START Data listing

(* Let $T$ be a tree with a root $r$, and let $X\subseteq\|T\|$ be a subspace. Then $X$ is first countable if and only if every $x\in X\cap V(T)$ has only countably many children $t$ with $\lceil t\rceil\cap X\neq\emptyset$.
   Context: For a tree $T$, $\|T\|=V(T)\cup\Omega(T)$, where $\Omega(T)$ is the set of ends (equivalence classes of rays, two rays being equivalent if they share a tail). A region of $T$ is a connected subgraph $C$ with finitely many edges leaving it; $\|C\|$ is $V(C)$ together with the ends of $T$ having a ray in $C$; the sets $\|C\|$ for regions $C$ form a basis of the (compact Hausdorff) topology of $\|T\|$. The tree order: $u\le v$ if $u$ lies on the unique $r$–$v$ path in $T$. The children of $x$ are its neighbours $y$ with $y> x$. For a node $t$, $\lceil t\rceil$ denotes the set of nodes $v\ge t$ together with the ends of $T$ whose ray starting at $r$ passes through $t$. *)

From Stdlib Require Import List.
Import ListNotations.
Set Implicit Arguments.

Section Trees.
Variable V : Type.
Variable adj : V -> V -> Prop.

Definition simple_graph : Prop :=
  (forall u v, adj u v -> adj v u) /\ (forall u, ~ adj u u).

Fixpoint walk (p : list V) : Prop :=
  match p with
  | [] => True
  | [_] => True
  | x :: ((y :: _) as q) => adj x y /\ walk q
  end.

Definition is_path (p : list V) (u v : V) : Prop :=
  NoDup p /\ walk p /\ head p = Some u /\ last p u = v /\ p <> [].

Definition is_cycle (p : list V) : Prop :=
  NoDup p /\ walk p /\ 3 <= length p /\
  exists x y, head p = Some x /\ last p x = y /\ adj y x.

Definition connected_graph : Prop := forall u v, exists p, is_path p u v.

Definition is_tree : Prop :=
  simple_graph /\ connected_graph /\ (forall p, ~ is_cycle p).

Definition is_ray (R : nat -> V) : Prop :=
  (forall m n, R m = R n -> m = n) /\ (forall n, adj (R n) (R (S n))).

Definition ray_equiv (R S : nat -> V) : Prop :=
  exists m n, forall k, R (m + k) = S (n + k).

Definition is_end (E : (nat -> V) -> Prop) : Prop :=
  exists R, is_ray R /\ forall S, E S <-> (is_ray S /\ ray_equiv R S).

Definition tend := { E : (nat -> V) -> Prop | is_end E }.

Inductive tpoint := Vtx (v : V) | End (e : tend).

(* Regions, represented by their vertex set C (a connected subgraph of a tree
   is the induced subgraph on its vertex set): nonempty, connected, and only
   finitely many edges leave it. *)
Definition region (C : V -> Prop) : Prop :=
  (exists v, C v) /\
  (forall u v, C u -> C v -> exists p, is_path p u v /\ forall w, In w p -> C w) /\
  (exists l : list (V * V), forall u v, C u -> ~ C v -> adj u v -> In (u, v) l).

Definition hull (C : V -> Prop) (x : tpoint) : Prop :=
  match x with
  | Vtx v => C v
  | End e => exists R, proj1_sig e R /\ forall n, C (R n)
  end.

Definition topen (U : tpoint -> Prop) : Prop :=
  forall x, U x -> exists C, region C /\ hull C x /\ forall y, hull C y -> U y.

Definition tle (r u v : V) : Prop := exists p, is_path p r v /\ In u p.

END Data listing

» **Aim of the task**
Your task is to reproduce exactly the lines that begin at the line containing "exists R, is_ray" and end at the final line of the data above.

» **Solution to this exercise**
  exists R, is_ray R /\ forall S, E S <-> (is_ray S /\ ray_equiv R S).

Definition tend := { E : (nat -> V) -> Prop | is_end E }.

Inductive tpoint := Vtx (v : V) | End (e : tend).

(* Regions, represented by their vertex set C (a connected subgraph of a tree
   is the induced subgraph on its vertex set): nonempty, connected, and only
   finitely many edges leave it. *)
Definition region (C : V -> Prop) : Prop :=
  (exists v, C v) /\
  (forall u v, C u -> C v -> exists p, is_path p u v /\ forall w, In w p -> C w) /\
  (exists l : list (V * V), forall u v, C u -> ~ C v -> adj u v -> In (u, v) l).

Definition hull (C : V -> Prop) (x : tpoint) : Prop :=
  match x with
  | Vtx v => C v
  | End e => exists R, proj1_sig e R /\ forall n, C (R n)
  end.

Definition topen (U : tpoint -> Prop) : Prop :=
  forall x, U x -> exists C, region C /\ hull C x /\ forall y, hull C y -> U y.

Definition tle (r u v : V) : Prop := exists p, is_path p r v /\ In u p.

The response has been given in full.